• **Aim of the exercise**
Your task is to set down the line containing "Local Notation vec := 'rV[R]_k." and every later line of the entries, word for word, including the last.

Stored items
# # # # #
Lemma closed_graph_sep : closed_graph G -> forall x y, x <> y -> ~ G x y ->
  exists U V, [/\ nbhs x U, nbhs y V & forall u v, U u -> V v -> ~ G u v].
Proof.
move=> [_ Gcl] x y xy nGxy; apply: contrapT => noUV.
apply/nGxy/(Gcl (x, y)); split => //= W [[U V] /= [xU yV] UVW].
apply: contrapT => noG; apply: noUV; exists U, V; split => // u v Uu Vv Guv.
by apply: noG; exists (u, v); split => //; apply: UVW.
Qed.

Lemma closed_graph_sep_family (m : nat) (f : 'I_m -> X) :
  closed_graph G -> injective f -> anticlique G (range f) ->
  exists U : 'I_m -> set X, (forall j, nbhs (f j) (U j)) /\
    forall j l, j != l -> forall u v, U j u -> U l v -> ~ G u v.
Proof.
move=> hG finj fA.
have sep (jl : 'I_m * 'I_m) : exists UV : set X * set X, jl.1 != jl.2 ->
    [/\ nbhs (f jl.1) UV.1, nbhs (f jl.2) UV.2 &
        forall u v, UV.1 u -> UV.2 v -> ~ G u v].
  have [_|jl_neq] := eqVneq jl.1 jl.2; first by exists (setT, setT).
  have fjl : f jl.1 <> f jl.2 by move/finj/eqP; rewrite (negbTE jl_neq).
  have [U [V [xU yV UV]]] :=
    closed_graph_sep hG fjl (fA _ _ (imageT _ _) (imageT _ _) fjl).
  by exists (U, V).
have [S HS] := choice sep.
exists (fun j => [set u | forall l,
  (j != l -> (S (j, l)).1 u) /\ (l != j -> (S (l, j)).2 u)]).
split=> [j|j l jl u v Uu Vv]; last first.
  by have [_ _] := HS (j, l) jl; apply; [exact: (Uu l).1 | exact: (Vv j).2].
apply: filter_forall => l; have [<-|jl] := eqVneq j l.
  by apply: nearW => u; split.
have [jU _ _] := HS (j, l) jl; have [_ jV _] := HS (l, j) (contra_neq esym jl).
by apply: filterI; [apply: filterS jU | apply: filterS jV] => u Su _.
Qed.

Lemma PG_set0 : PG G (set0, set0).
Proof.
split; first exact: finite_set0.
by split; [move=> ? ? | split; [exact: open0 |]].
Qed.

Lemma PG_singleton x : PG G ([set x], setT).
Proof.
split; first exact: finite_set1.
by split; [move=> a b /= -> -> | split; [exact: openT | move=> a]].
Qed.

Lemma PG_compatible_union p r : is_graph G -> PG G p -> PG G r ->
  p.1 `<=` r.2 -> r.1 `<=` p.2 ->
  (forall x z, p.1 x -> r.1 z -> x <> z -> ~ G z x) -> PG_compatible G p r.
Proof.
move=> [Gsym _] [pfin [pA [po pao]]] [rfin [rA [ro rao]]] pr rp pr_nonadj.
exists (p.1 `|` r.1, p.2 `&` r.2); split; last first.
  by split; split=> x /=; [exact: or_introl | case | exact: or_intror | case].
split; first by rewrite finite_setU.
split; last by split; [exact: openI | move=> x [px|rx]; split; auto].
move=> x z [px|rx] [pz|rz] xz.
- exact: pA.
- by move/Gsym; apply: pr_nonadj.
- by apply: pr_nonadj => // zx; apply: xz.
- exact: rA.
Qed.

Lemma PG_compatible_singleton a r : PG_compatible G ([set a], setT) r ->
  r.2 a /\ forall z, r.1 z -> z <> a -> ~ G z a.
Proof.
move=> [s [[_ [sA [_ sas]]] [[/= sa _] [rs sr]]]].
by split=> [|z rz]; [apply/sr/sas/sa | exact: sA (rs _ rz) (sa a erefl)].
Qed.

Lemma bigcup_singletons (C : nat -> set (set X * set X)) :
  \bigcup_n C n = PG G -> \bigcup_n [set x | C n ([set x], setT)] = setT.
Proof.
move=> Ccov; apply/seteqP; split => // x _.
have : (\bigcup_n C n) ([set x], setT) by rewrite Ccov; exact: PG_singleton.
by move=> [n _ Cx]; exists n.
Qed.

Lemma centered_singletons_anticlique (C : set (set X * set X)) :
  centered G C -> anticlique G [set x | C ([set x], setT)].
Proof.
move=> Ccen x y Cx Cy xy.
have [|q [[_ [qA _]] Hq]] := Ccen _ (finite_set2 ([set x], setT) ([set y], setT)).
  by move=> p [->|->].
have [qx _] := Hq _ (or_introl erefl); have [qy _] := Hq _ (or_intror erefl).
exact: qA (qx x erefl) (qy y erefl) xy.
Qed.

End Graph.

Lemma finite_set_enum (T : choiceType) (A : set T) :
  finite_set A -> exists m (f : 'I_m -> T), injective f /\ A = range f.
Proof.
move=> /finite_fsetP [S ->]; exists (size S), (tnth (in_tuple S)); split.
  exact/tuple_uniqP/fset_uniq.
apply/seteqP; split=> [x /= /(tnthP (in_tuple S)) [j ->]|_ [j _ <-]]; first by exists j.
exact: mem_tnth.
Qed.

Lemma loose_near_nonadjacent {X : topologicalType} (G : X -> X -> Prop)
    (A S : set X) (x : X) :
  closed_graph G -> loose G A -> finite_set S -> anticlique G S -> S x ->
  \forall u \near x, A u -> forall z, S z -> z <> u -> ~ G z u.
Proof.
move=> hG Aloose /finite_fsetP [D ->] DA Dx.
suff : \forall u \near x, forall z : D, A u -> val z <> u -> ~ G (val z) u.
  by apply: filterS => u Hu Au z zD; exact: Hu [` zD]%fset Au.
apply: filter_forall => -[z /= zD]; have [<-|zx] := pselect (z = x).
  have [U [oU [Uz UA]]] := Aloose z.
  by apply: (filterS _ (open_nbhs_nbhs (conj oU Uz))) => u Uu Au _; exact: UA.
have [U [V [zU xV UV]]] := closed_graph_sep hG zx (DA _ _ zD Dx zx).
by apply: (filterS _ xV) => u Vu _ _; exact: UV (nbhs_singleton zU) Vu.
Qed.

Section Classes.
Context {X : topologicalType} (G : X -> X -> Prop) (K : countType) (B : K -> set X)
  (A : nat -> set X).
Hypothesis B_open : forall k, open (B k).

(* A class is given by [m] slots: the [j]-th point of [a_p] has colour [col j]
   and lies in [B (inner j)], whose closure sits in [B (outer j)], inside [o_p]. *)
Definition PG_class (m : nat) (col : 'I_m -> nat) (inner outer : 'I_m -> K) :
    set (set X * set X) :=
  [set p | [/\ PG G p,
    forall j l, j != l -> forall u v,
      closure (B (inner j)) u -> closure (B (inner l)) v -> ~ G u v,
    forall j, closure (B (inner j)) `<=` B (outer j),
    forall j, B (outer j) `<=` p.2 &
    exists f : 'I_m -> X, p.1 = range f /\
      forall j, A (col j) (f j) /\ B (inner j) (f j)]].
(* For any $k\ge1$ and any $k$-dimensional convex polytope $P$ that has an insphere, letting $x$ be the radius of the insphere, for every integer $n\ge1$ we have $Disp(n;P)=\frac{2x\,DP(n;P)}{x+DP(n;P)}$.
   Context: A $k$-dimensional convex polytope has an insphere if the largest ball contained in $P$ is tangent to all facets of $P$. Distances are Euclidean. $Disp(n;P)=\max_{X_1,\dots,X_n\in P}\min\{dis(X_i,\partial P),dis(X_i,X_j):i\ne j\}$. For $r\ge0$, $Pack(r;P)$ is the maximum number of pairwise non-overlapping balls of radius $r$ contained in $P$, and $DP(n;P)=\max\{r:Pack(r;P)\ge n\}$. *)

From HB Require Import structures.
From mathcomp Require Import all_boot all_order all_algebra.
From mathcomp Require Import classical_sets reals.
Set Implicit Arguments. Unset Strict Implicit. Unset Printing Implicit Defensive.
Import Order.TTheory GRing.Theory Num.Theory.
Local Open Scope ring_scope.
Local Open Scope classical_set_scope.

Section Defs.
Variables (R : realType) (k : nat).
Local Notation vec := 'rV[R]_k.

Definition dot (u v : vec) : R := \sum_(i < k) u 0 i * v 0 i.
Definition edist (u v : vec) : R := Num.sqrt (\sum_(i < k) (u 0 i - v 0 i) ^+ 2).

Definition cball (c : vec) (r : R) : set vec := [set y | edist c y <= r].
Definition oball (c : vec) (r : R) : set vec := [set y | edist c y < r].

Definition einterior (P : set vec) : set vec :=
  [set y | exists e : R, 0 < e /\ oball y e `<=` P].
Definition eclosure (P : set vec) : set vec :=
  [set y | forall e : R, 0 < e -> exists z, P z /\ edist y z < e].
Definition eboundary (P : set vec) : set vec := eclosure P `\` einterior P.

Definition dist_set (X : vec) (S : set vec) : R := inf [set edist X y | y in S].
# # # # #
• **Completed task**
Local Notation vec := 'rV[R]_k.

Definition dot (u v : vec) : R := \sum_(i < k) u 0 i * v 0 i.
Definition edist (u v : vec) : R := Num.sqrt (\sum_(i < k) (u 0 i - v 0 i) ^+ 2).

Definition cball (c : vec) (r : R) : set vec := [set y | edist c y <= r].
Definition oball (c : vec) (r : R) : set vec := [set y | edist c y < r].

Definition einterior (P : set vec) : set vec :=
  [set y | exists e : R, 0 < e /\ oball y e `<=` P].
Definition eclosure (P : set vec) : set vec :=
  [set y | forall e : R, 0 < e -> exists z, P z /\ edist y z < e].
Definition eboundary (P : set vec) : set vec := eclosure P `\` einterior P.

Definition dist_set (X : vec) (S : set vec) : R := inf [set edist X y | y in S].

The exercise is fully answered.